I had a strange realisation today. My latest bruising encounter with the education system (more later) led me to mull over all sorts of things today, sifting through experiences and discoveries to try to find a way to communicate more effectively with "them", to be taken seriously.
I went back to "the beginning"; just over 5 years ago when, 7 months pregnant, my 2-year-old was diagnosed with autism by a pediatrician in an office at the Children's Hospital. We left with a recommendation to see a speech therapist and little else.
I went home that night and got on the computer, looking for information. Where did I look? Amazon.com. Today is the first time that I have wondered why on earth I did that? Because I had no idea what organisations existed; Amazon grouped books together, sometimes offered reviews ... it seems utterly pitiful now, despite the fact that it worked. I only read one book before S was born, and it was a fantastic book that happened by some enormous coincidence to be located at my local library, all the more extraordinary since I don't know a single other person who has even heard of it: The Science and Fiction of Autism by Laura Schreibman. I'm sure this is not the first time I have mentioned that book in this blog. But it is the first time that I have felt outraged that the diagnosing specialist could not have even put a pamphlet in my hand with a summary of what the disorder was known to consist of, or even better, a support group's contact details.

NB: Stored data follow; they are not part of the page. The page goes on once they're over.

(* Let $\mathcal{S}$ be a finite thick generalized quadrangle of order $(s,t)$ with a group $G$ of automorphisms acting regularly on the points. Then for each $g\in G$ with $g^2\ne 1$, \[|\mathcal{L}_2(g)|<(1+st)(2+\sqrt{s+t}),\] where $\mathcal{L}_2(g)$ is the set of lines $\ell$ such that $\ell^g$ and $\ell$ are distinct concurrent lines.
   Context: A generalized quadrangle of order $(s,t)$: each line has $s+1$ points, each point is on $t+1$ lines, and for each non-incident point-line pair $(P,\ell)$ there is a unique point on $\ell$ collinear with $P$; it is thick if $\min\{s,t\}\ge 2$. *)

From HB Require Import structures.
From mathcomp Require Import all_boot all_order all_algebra all_fingroup.
Set Implicit Arguments. Unset Strict Implicit. Unset Printing Implicit Defensive.

Section GQ.
Variables (P L : finType) (inc : P -> L -> bool).

Definition collinear (p q : P) : bool := [exists m : L, inc p m && inc q m].
Definition concurrent (l m : L) : bool := [exists p : P, inc p l && inc p m].

Definition is_GQ (s t : nat) : Prop :=
  [/\ (forall p q : P, forall l m : L, p != q -> inc p l -> inc q l ->
          inc p m -> inc q m -> l = m),
      (forall l : L, #|[set p | inc p l]| = s.+1),
      (forall p : P, #|[set l | inc p l]| = t.+1) &
      (forall (p : P) (l : L), ~~ inc p l ->
          #|[set q | inc q l & collinear p q]| = 1)].

Definition thick_GQ (s t : nat) : Prop := is_GQ s t /\ 2 <= s /\ 2 <= t.

Definition acts_by_automorphisms (gT : finGroupType) (G : {group gT})
  (ap : {action gT &-> P}) (al : {action gT &-> L}) : Prop :=
  forall g, g \in G -> forall p l, inc (ap p g) (al l g) = inc p l.

Definition regular_on_points (gT : finGroupType) (G : {group gT})
  (ap : {action gT &-> P}) : Prop :=
  (forall p q : P, exists2 g, g \in G & ap p g = q) /\
  (forall p : P, forall g, g \in G -> ap p g = p -> g = 1%g).

Definition L2 (gT : finGroupType) (al : {action gT &-> L}) (g : gT) : {set L} :=
  [set l : L | (al l g != l) && concurrent (al l g) l].
End GQ.

(* Let S be the set of points p that are the meet of some l in L2(g) with l^g.
   Such a p determines l (it is the line through p^(g^-1) and p) and l
   determines p, so |S| = |L2(g)|; and every l in L2(g) meets S in exactly
   the two points l^(g^-1) /\ l and l /\ l^g, since a third one would close a
   triangle.  In a GQ of order (s,t) the incidence matrix N satisfies
   N N^T N = (s+t) N + J, so |N^T z|^2 <= (s+t) |z|^2 whenever z is orthogonal
   to the all-one vector.  For z = 1_S - |S|/|P|, with |P| = (s+1)(1+st), the
   lines of L2(g) alone contribute n (2 - n/(1+st))^2 to |N^T z|^2, where
   n = |L2(g)|, while (s+t)|z|^2 < (s+t) n; hence n/(1+st) < 2 + sqrt(s+t). *)

From HB Require Import structures.
From mathcomp Require Import all_boot all_order all_algebra all_fingroup.
From mathcomp Require Import zify ring lra.
Import Order.TTheory GRing.Theory Num.Theory.
Set Implicit Arguments. Unset Strict Implicit. Unset Printing Implicit Defensive.
Local Open Scope ring_scope.

Lemma sumr_indicator (R : pzSemiRingType) (T : finType) (A : {set T}) :
  \sum_x ((x \in A)%:R : R) = #|A|%:R.
Proof.
rewrite -sumr_const [RHS]big_mkcond /=.
by apply: eq_bigr => x _; case: (x \in A).
Qed.

Section Incidence.
Variables (P L : finType) (inc : P -> L -> bool) (s t : nat).

Lemma collinearC (p q : P) : collinear inc p q = collinear inc q p.
Proof. by apply/existsP/existsP => -[m /andP[pm qm]]; exists m; rewrite pm qm. Qed.

Lemma sum_mul_line_sum (R : comPzSemiRingType) (w : L -> R) (z : P -> R) :
  \sum_m w m * \sum_(p | inc p m) z p = \sum_p z p * \sum_(m | inc p m) w m.
Proof.
under eq_bigr do rewrite mulr_sumr.
rewrite (exchange_big_dep predT) //=; apply: eq_bigr => p _.
by rewrite mulr_sumr; apply: eq_bigr => m _; rewrite mulrC.
Qed.

Hypothesis gq : is_GQ inc s t.

Lemma card_common_lines (p q : P) :
  #|[set m | inc p m & inc q m]| = if p == q then t.+1 else collinear inc p q.
Proof.
have [line_uniq _ lines_on_point _] := gq.
have [<-|pq] := eqVneq p q.
  by rewrite -(lines_on_point p); apply: eq_card => m; rewrite !inE andbb.
have [/existsP[m0 /andP[pm0 qm0]]|ncol] := boolP (collinear inc p q).
  rewrite /= -(cards1 m0); apply: eq_card => m; rewrite !inE.
  by apply/andP/eqP => [[pm qm]|->]; [exact: line_uniq pq pm qm pm0 qm0|].
apply/eqP; rewrite cards_eq0; apply/eqP/setP => m; rewrite !inE.
by apply: contraNF ncol => pqm; apply/existsP; exists m.
Qed.

Lemma sum_card_common_lines (p : P) (l : L) :
  \sum_(q | inc q l) #|[set m | inc q m & inc p m]| = ((s + t) * inc p l + 1)%N.
Proof.
have [_ points_on_line _ unique_proj] := gq.
have [pl|npl] := boolP (inc p l).
  rewrite (bigD1 p) //= card_common_lines eqxx.
  have -> : (\sum_(q | inc q l && (q != p)) #|[set m | inc q m & inc p m]| = s)%N.
    have : (\sum_(q | inc q l) 1 = s.+1)%N by rewrite sum1dep_card points_on_line.
    rewrite (bigD1 p) //= add1n => -[<-].
    apply: eq_bigr => q /andP[ql qp]; rewrite card_common_lines (negbTE qp).
    by apply/eqP; rewrite eqb1; apply/existsP; exists l; rewrite ql pl.
  by rewrite muln1; lia.
rewrite muln0 add0n -(unique_proj p l npl) -sum1dep_card big_mkcondr /=.
apply: eq_bigr => q ql; rewrite card_common_lines collinearC.
by have -> : (q == p) = false by apply: contraNF npl => /eqP <-.
Qed.

Lemma sum_points_lines_points (R : pzSemiRingType) (z : P -> R) (l : L) :
  \sum_(q | inc q l) \sum_(m | inc q m) \sum_(p | inc p m) z p
  = (s + t)%:R * \sum_(p | inc p l) z p + \sum_p z p.
Proof.
have inner q : \sum_(m | inc q m) \sum_(p | inc p m) z p
    = \sum_p z p *+ #|[set m | inc q m & inc p m]|.
  rewrite (exchange_big_dep predT) //=; apply: eq_bigr => p _.
  by rewrite sumr_const cardsE.
under eq_bigr do rewrite inner.
rewrite exchange_big /=.
under eq_bigr do rewrite sumrMnr sum_card_common_lines addn1 mulrSr mulrnA.
rewrite big_split /= mulr_sumr; congr (_ + _).
by rewrite [RHS]big_mkcond; apply: eq_bigr => p _; rewrite mulrb mulr_natl.
Qed.

Lemma sumr_const_on_line (V : nmodType) (l : L) (x : V) :
  \sum_(p | inc p l) x = x *+ s.+1.
Proof.
have [_ points_on_line _ _] := gq.
by rewrite sumr_const -(points_on_line l); congr (_ *+ _); apply: eq_card => p; rewrite inE.
Qed.

Lemma sumr_const_on_point (V : nmodType) (p : P) (x : V) :
  \sum_(m | inc p m) x = x *+ t.+1.
Proof.
have [_ _ lines_on_point _] := gq.
by rewrite sumr_const -(lines_on_point p); congr (_ *+ _); apply: eq_card => m; rewrite inE.
Qed.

As it happens, it was several more years before I picked up anything that referred to Asperger's Syndrome, because no-one explained its relevance and I was barely functional enough with two difficult infants on my hands to process any information. So instead, when I was able to read anything, I tormented myself with information which was in many ways of only tangential relevance to my son. Certainly, with some guidance, I might more quickly have understood that he would keep developing, changing, and that there was much that we could do to help. Instead there was fear, fear, fear, and grief, which there would have been anyway. But the fear might have diminished if it hadn't taken 2 years to find a pediatrician who regarded it as part of her role to support the parents.